EXTRACTED DATA below:
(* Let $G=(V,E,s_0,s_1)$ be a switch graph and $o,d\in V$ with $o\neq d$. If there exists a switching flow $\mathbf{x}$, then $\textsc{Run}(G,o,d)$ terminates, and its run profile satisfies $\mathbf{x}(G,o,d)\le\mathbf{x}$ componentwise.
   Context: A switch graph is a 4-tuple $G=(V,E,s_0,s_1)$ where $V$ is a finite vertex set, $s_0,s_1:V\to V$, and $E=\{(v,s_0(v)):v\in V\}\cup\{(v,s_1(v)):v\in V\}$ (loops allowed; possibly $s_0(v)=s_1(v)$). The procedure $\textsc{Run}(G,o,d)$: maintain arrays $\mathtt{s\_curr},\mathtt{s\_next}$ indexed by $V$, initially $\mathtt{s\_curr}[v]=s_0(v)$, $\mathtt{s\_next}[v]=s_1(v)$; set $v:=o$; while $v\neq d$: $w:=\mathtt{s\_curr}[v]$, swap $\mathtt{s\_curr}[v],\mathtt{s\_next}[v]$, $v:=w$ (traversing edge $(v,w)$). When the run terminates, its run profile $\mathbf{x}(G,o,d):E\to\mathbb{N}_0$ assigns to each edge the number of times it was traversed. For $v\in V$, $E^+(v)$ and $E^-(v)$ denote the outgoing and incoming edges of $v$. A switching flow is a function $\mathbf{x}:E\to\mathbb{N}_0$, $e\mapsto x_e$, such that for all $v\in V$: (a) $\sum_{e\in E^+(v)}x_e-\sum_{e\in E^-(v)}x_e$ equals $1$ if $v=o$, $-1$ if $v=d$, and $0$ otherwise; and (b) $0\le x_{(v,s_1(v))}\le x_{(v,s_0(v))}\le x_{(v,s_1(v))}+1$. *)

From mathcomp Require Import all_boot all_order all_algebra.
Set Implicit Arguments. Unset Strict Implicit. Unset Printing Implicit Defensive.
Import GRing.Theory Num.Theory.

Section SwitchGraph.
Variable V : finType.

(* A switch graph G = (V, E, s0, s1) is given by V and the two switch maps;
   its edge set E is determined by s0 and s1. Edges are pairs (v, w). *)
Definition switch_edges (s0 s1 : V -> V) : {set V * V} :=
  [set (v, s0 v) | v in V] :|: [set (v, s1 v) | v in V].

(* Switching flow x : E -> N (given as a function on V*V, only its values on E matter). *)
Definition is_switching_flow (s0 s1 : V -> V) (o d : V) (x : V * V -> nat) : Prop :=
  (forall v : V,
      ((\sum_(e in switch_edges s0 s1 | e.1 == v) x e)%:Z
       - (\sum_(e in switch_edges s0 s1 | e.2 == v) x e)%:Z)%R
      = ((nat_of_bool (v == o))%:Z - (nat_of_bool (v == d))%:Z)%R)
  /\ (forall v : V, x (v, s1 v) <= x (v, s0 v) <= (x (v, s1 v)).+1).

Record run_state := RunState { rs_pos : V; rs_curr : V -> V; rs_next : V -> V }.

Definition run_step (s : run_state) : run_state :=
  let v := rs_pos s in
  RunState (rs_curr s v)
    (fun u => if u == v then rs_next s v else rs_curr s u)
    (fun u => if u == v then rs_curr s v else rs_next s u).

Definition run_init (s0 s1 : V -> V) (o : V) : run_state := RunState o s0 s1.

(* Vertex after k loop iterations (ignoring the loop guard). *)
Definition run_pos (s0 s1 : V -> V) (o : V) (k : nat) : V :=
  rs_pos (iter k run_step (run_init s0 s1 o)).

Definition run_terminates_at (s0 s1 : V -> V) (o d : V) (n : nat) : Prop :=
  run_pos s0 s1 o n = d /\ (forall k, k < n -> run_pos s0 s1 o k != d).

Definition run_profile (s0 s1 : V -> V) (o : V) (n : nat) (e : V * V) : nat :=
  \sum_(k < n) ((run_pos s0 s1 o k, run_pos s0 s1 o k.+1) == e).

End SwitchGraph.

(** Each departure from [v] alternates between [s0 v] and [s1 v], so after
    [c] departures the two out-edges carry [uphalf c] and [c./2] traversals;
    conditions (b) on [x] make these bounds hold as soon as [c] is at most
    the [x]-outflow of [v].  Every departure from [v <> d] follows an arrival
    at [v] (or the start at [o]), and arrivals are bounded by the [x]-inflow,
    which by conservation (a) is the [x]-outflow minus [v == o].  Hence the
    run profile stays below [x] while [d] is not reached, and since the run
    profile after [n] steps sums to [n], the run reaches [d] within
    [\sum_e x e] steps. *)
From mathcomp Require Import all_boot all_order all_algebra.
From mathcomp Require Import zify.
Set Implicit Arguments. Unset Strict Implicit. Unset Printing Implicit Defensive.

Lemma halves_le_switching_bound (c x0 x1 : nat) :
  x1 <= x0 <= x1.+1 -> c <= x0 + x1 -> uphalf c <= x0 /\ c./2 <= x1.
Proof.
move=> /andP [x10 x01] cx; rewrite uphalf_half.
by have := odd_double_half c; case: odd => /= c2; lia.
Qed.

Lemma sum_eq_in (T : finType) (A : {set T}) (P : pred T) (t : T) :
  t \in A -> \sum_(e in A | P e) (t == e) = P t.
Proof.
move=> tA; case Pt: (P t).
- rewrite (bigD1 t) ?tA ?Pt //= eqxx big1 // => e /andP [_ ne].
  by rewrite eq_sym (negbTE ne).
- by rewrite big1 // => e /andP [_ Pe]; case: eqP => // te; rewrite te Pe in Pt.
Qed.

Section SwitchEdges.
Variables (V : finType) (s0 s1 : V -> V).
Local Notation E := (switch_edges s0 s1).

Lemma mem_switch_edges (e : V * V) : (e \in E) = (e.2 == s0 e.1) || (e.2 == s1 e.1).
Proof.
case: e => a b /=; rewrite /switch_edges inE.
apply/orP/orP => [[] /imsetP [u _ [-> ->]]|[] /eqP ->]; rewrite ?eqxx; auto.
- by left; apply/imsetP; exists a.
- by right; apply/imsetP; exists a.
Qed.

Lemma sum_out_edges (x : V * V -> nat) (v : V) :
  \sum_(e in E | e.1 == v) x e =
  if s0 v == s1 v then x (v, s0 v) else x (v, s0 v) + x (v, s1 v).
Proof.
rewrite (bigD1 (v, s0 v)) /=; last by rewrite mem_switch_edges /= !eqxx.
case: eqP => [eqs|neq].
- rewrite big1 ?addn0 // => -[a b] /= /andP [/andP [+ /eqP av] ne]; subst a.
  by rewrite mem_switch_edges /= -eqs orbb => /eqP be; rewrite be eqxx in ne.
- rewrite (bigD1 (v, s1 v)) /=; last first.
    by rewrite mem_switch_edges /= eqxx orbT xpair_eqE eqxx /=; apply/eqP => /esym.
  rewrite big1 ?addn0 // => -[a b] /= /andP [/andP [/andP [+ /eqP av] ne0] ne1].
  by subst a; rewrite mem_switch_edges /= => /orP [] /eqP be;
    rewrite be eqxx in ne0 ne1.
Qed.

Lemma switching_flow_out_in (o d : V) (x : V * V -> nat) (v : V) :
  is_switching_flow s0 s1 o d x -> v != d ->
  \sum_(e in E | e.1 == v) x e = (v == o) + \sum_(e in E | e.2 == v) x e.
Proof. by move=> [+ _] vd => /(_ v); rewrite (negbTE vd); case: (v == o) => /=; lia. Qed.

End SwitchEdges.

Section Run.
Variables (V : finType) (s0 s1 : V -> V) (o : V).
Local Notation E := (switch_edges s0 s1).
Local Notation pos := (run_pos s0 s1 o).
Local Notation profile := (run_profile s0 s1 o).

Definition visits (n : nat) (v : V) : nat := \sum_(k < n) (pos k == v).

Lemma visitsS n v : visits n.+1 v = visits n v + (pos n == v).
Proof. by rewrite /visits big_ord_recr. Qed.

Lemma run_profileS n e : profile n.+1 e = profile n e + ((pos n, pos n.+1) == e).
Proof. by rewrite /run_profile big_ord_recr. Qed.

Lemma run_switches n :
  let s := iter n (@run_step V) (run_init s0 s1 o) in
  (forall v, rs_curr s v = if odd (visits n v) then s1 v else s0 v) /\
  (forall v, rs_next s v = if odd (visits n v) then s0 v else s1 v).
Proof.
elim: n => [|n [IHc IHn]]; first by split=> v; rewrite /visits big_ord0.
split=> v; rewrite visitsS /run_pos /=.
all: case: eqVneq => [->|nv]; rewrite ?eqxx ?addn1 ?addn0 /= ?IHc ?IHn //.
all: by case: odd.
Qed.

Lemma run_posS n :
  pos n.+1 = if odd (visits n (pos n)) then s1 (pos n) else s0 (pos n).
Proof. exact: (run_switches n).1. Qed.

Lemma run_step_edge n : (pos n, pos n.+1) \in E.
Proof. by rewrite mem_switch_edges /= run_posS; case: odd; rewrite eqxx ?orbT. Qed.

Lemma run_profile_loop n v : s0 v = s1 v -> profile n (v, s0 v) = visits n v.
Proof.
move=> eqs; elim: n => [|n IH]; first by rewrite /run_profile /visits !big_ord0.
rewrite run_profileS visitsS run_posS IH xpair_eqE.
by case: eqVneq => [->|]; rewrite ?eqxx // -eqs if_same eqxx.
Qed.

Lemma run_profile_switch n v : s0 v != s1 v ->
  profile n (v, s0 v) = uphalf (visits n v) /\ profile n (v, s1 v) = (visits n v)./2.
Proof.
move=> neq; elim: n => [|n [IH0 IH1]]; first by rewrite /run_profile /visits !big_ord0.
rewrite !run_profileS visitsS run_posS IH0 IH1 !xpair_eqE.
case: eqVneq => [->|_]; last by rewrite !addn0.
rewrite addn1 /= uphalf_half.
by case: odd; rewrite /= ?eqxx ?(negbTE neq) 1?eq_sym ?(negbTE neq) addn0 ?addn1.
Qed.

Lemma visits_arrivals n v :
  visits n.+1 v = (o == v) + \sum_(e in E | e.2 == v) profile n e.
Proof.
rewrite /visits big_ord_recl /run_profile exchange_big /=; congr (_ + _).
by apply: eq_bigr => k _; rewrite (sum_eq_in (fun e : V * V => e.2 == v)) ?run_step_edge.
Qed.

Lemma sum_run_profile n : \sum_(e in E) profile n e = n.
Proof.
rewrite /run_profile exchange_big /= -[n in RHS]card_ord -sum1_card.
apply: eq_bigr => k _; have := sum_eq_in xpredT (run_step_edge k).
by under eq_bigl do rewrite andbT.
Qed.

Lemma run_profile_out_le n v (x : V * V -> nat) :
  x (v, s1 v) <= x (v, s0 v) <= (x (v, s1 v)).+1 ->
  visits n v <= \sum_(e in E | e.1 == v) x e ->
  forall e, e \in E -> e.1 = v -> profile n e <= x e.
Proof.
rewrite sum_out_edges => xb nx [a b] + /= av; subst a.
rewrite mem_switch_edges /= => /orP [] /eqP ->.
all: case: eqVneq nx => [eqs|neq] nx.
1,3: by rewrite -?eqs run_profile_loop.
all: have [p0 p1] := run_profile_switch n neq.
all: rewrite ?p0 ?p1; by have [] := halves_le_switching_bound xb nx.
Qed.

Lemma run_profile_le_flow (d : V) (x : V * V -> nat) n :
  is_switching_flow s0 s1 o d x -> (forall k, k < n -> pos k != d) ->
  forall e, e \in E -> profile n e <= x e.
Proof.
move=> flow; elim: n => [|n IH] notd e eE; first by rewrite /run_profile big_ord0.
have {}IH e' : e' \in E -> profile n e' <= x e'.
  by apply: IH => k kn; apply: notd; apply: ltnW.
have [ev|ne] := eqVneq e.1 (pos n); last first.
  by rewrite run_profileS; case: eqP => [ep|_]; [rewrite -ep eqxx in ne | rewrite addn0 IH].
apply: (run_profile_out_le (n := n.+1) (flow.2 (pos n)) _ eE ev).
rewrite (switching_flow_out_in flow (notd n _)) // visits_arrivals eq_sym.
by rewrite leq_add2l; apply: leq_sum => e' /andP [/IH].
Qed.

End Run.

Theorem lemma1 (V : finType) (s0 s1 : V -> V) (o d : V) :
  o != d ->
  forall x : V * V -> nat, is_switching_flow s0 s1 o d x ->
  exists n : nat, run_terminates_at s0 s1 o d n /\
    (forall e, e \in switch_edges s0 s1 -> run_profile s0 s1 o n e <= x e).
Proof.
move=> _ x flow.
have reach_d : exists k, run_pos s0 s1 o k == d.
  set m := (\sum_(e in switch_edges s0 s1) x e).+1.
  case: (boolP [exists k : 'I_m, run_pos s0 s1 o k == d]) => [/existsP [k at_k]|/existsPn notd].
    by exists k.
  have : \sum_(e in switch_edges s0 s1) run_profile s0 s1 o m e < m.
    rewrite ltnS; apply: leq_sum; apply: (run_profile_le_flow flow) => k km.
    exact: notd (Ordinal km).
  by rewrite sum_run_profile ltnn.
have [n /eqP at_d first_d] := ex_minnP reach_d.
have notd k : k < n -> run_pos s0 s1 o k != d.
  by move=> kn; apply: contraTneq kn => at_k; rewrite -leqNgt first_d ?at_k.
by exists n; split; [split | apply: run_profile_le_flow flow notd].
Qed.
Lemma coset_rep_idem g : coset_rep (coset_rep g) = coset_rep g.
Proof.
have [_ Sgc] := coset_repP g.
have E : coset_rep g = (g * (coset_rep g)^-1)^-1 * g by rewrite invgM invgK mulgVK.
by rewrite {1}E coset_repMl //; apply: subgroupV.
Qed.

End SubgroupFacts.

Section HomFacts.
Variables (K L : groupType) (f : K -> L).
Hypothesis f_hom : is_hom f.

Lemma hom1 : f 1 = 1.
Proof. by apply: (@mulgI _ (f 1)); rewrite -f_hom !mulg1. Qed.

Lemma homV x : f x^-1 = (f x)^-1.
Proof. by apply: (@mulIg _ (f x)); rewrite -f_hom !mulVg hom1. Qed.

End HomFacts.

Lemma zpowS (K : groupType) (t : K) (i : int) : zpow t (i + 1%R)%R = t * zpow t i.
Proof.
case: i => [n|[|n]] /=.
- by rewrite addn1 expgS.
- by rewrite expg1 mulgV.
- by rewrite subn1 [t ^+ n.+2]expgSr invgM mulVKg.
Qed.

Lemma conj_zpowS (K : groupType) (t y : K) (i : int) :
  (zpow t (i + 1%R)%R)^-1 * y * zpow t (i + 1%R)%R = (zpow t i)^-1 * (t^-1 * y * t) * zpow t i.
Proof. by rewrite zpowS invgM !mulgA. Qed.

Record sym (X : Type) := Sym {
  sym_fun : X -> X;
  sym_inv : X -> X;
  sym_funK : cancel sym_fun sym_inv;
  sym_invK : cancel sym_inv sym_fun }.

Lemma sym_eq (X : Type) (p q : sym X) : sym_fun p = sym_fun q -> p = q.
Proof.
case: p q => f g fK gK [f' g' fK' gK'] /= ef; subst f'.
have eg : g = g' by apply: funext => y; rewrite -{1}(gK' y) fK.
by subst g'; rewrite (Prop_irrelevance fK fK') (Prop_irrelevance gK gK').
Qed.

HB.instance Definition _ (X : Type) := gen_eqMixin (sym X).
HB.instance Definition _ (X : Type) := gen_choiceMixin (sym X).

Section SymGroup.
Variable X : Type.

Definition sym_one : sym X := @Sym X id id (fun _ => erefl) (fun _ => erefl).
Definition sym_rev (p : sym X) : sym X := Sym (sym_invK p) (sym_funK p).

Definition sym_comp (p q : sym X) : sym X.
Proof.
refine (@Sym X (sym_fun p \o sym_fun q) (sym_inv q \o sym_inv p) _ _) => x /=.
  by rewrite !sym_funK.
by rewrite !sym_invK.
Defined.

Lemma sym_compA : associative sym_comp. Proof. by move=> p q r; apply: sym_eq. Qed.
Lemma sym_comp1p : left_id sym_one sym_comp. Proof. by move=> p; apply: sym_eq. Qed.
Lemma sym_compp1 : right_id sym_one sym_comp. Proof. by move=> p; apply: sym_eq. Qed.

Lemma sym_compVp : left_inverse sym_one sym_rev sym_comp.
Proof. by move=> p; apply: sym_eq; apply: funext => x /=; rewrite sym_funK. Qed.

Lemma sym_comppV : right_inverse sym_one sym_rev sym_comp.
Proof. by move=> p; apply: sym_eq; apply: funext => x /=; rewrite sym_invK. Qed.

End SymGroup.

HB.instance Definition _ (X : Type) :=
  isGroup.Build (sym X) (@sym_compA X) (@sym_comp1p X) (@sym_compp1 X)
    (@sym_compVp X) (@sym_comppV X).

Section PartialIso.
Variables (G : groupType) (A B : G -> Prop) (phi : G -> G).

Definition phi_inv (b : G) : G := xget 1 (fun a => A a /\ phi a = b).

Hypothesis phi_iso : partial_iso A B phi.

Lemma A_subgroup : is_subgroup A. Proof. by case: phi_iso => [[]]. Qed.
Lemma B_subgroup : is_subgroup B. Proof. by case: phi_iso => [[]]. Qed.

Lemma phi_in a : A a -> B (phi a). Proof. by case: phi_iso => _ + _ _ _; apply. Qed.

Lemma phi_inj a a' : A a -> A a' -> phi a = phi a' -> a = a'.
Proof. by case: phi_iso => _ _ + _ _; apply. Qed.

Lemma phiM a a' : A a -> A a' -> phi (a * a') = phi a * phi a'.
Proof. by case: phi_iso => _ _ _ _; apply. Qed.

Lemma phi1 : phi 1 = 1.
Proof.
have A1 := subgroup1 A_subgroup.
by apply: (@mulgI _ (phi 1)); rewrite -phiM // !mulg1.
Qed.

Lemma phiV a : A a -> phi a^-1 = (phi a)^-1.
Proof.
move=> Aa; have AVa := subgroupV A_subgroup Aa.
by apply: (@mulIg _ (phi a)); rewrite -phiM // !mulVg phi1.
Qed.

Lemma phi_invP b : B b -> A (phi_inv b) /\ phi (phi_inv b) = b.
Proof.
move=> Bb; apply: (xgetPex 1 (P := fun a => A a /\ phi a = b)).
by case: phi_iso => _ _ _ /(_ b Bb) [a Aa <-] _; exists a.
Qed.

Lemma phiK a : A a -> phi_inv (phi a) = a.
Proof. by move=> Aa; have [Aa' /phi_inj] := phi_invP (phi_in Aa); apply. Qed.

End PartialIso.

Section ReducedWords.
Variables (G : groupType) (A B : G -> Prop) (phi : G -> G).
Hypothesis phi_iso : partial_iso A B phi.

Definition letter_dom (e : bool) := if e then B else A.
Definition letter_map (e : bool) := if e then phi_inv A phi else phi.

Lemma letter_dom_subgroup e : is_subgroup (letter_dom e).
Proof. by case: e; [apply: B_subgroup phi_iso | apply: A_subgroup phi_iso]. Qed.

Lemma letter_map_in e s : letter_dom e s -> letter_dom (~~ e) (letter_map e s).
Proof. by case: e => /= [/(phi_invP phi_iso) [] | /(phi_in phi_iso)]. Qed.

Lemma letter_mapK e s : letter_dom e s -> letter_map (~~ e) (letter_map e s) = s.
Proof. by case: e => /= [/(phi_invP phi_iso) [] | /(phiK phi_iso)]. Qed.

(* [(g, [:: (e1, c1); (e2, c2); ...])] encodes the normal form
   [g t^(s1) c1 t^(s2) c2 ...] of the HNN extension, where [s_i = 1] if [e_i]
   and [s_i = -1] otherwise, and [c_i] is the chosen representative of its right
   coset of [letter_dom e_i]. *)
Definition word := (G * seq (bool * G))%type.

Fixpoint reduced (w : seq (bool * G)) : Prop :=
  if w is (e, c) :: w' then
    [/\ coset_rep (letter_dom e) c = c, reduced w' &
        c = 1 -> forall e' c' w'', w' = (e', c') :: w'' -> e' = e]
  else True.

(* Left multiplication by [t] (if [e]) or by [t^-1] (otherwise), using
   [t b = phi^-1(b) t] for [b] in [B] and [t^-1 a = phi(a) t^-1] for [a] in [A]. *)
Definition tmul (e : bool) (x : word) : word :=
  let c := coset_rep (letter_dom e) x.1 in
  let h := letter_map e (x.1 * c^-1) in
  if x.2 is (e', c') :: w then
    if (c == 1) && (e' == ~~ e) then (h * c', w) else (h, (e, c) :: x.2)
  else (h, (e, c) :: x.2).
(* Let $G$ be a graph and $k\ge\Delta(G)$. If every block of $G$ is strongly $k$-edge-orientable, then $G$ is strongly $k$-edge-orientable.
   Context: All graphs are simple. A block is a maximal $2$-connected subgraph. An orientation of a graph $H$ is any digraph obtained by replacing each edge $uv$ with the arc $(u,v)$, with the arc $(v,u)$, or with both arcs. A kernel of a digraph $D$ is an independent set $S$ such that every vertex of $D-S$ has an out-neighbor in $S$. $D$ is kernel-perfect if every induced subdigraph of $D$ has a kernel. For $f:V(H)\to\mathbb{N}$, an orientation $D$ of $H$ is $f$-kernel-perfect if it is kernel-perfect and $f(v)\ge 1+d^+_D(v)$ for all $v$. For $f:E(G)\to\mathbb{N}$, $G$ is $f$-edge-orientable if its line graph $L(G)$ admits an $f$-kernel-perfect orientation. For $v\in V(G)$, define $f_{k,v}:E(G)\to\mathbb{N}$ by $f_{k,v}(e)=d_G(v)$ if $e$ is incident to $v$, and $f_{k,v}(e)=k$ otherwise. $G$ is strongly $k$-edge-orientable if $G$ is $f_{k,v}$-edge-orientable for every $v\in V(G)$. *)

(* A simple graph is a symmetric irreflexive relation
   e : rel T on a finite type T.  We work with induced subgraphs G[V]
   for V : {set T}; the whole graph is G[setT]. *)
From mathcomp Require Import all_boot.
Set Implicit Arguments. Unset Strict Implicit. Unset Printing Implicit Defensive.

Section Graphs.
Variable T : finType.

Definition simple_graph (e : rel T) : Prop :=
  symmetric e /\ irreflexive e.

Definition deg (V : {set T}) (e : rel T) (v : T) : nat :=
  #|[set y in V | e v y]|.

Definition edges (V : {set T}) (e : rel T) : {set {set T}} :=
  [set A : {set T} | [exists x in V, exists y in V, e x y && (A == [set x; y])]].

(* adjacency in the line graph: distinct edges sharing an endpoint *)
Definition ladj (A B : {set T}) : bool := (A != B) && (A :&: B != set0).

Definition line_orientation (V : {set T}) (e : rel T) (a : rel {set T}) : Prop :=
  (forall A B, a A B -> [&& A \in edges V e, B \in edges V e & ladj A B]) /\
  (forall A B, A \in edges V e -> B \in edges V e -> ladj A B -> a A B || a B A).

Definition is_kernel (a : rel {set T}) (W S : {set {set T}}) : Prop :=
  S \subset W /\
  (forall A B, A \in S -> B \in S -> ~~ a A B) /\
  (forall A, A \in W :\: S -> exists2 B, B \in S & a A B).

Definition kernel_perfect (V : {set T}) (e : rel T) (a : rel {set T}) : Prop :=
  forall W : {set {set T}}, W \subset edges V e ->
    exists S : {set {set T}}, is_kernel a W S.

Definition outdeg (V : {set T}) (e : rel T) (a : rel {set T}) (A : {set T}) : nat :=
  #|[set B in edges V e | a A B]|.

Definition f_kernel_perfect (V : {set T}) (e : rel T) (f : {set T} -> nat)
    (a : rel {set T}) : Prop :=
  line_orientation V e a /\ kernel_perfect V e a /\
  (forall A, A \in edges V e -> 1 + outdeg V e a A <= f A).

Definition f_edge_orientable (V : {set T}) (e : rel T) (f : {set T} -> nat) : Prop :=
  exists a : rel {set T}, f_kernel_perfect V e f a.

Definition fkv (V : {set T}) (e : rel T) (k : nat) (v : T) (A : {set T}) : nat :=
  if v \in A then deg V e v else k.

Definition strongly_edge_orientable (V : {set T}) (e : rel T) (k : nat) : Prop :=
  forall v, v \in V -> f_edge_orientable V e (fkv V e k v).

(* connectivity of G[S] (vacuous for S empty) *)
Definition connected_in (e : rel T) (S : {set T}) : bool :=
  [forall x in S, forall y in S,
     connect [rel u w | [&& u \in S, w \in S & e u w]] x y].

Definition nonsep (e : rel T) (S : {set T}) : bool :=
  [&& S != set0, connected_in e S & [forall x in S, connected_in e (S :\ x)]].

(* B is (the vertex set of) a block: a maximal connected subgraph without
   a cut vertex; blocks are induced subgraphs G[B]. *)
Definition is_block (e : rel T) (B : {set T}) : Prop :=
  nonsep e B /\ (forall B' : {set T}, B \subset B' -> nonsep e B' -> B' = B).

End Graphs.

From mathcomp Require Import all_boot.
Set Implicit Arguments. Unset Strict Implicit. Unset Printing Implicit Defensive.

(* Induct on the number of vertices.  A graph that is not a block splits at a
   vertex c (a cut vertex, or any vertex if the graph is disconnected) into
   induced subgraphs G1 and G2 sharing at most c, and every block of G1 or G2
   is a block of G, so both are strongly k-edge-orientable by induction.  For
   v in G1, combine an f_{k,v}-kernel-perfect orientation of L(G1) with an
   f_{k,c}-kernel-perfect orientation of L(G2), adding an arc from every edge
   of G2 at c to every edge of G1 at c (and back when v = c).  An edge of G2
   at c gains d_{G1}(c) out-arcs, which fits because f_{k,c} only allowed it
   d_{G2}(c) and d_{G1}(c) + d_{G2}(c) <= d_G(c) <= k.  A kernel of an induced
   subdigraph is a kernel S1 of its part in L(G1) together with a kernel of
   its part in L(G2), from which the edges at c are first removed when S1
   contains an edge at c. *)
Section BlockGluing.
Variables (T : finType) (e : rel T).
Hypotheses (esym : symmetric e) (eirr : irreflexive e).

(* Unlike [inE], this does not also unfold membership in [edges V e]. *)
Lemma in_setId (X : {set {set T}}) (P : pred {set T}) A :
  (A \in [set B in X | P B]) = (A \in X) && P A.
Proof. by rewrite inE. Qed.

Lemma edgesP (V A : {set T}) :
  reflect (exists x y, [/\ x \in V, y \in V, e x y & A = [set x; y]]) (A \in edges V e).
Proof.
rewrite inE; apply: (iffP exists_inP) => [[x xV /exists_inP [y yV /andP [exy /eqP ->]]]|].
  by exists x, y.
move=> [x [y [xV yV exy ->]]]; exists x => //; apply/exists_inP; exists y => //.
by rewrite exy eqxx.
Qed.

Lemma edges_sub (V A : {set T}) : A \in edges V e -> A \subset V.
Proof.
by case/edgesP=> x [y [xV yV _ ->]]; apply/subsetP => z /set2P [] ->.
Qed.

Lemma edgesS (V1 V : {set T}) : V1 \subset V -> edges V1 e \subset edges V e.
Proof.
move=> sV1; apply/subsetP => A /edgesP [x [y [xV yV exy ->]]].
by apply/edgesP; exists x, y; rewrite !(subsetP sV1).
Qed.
End of EXTRACTED DATA.
TASK REQUIREMENTS: Look above for the line holding "Proof. by case: e => /= [/(phi_invP phi_iso) [] | /(phi_in" and the line holding "(* Let $G$ be". Retype both, and every line between them, word for word and nothing else.

FINISHED TASK:
Proof. by case: e => /= [/(phi_invP phi_iso) [] | /(phi_in phi_iso)]. Qed.

Lemma letter_mapK e s : letter_dom e s -> letter_map (~~ e) (letter_map e s) = s.
Proof. by case: e => /= [/(phi_invP phi_iso) [] | /(phiK phi_iso)]. Qed.

(* [(g, [:: (e1, c1); (e2, c2); ...])] encodes the normal form
   [g t^(s1) c1 t^(s2) c2 ...] of the HNN extension, where [s_i = 1] if [e_i]
   and [s_i = -1] otherwise, and [c_i] is the chosen representative of its right
   coset of [letter_dom e_i]. *)
Definition word := (G * seq (bool * G))%type.

Fixpoint reduced (w : seq (bool * G)) : Prop :=
  if w is (e, c) :: w' then
    [/\ coset_rep (letter_dom e) c = c, reduced w' &
        c = 1 -> forall e' c' w'', w' = (e', c') :: w'' -> e' = e]
  else True.

(* Left multiplication by [t] (if [e]) or by [t^-1] (otherwise), using
   [t b = phi^-1(b) t] for [b] in [B] and [t^-1 a = phi(a) t^-1] for [a] in [A]. *)
Definition tmul (e : bool) (x : word) : word :=
  let c := coset_rep (letter_dom e) x.1 in
  let h := letter_map e (x.1 * c^-1) in
  if x.2 is (e', c') :: w then
    if (c == 1) && (e' == ~~ e) then (h * c', w) else (h, (e, c) :: x.2)
  else (h, (e, c) :: x.2).
(* Let $G$ be a graph and $k\ge\Delta(G)$. If every block of $G$ is strongly $k$-edge-orientable, then $G$ is strongly $k$-edge-orientable.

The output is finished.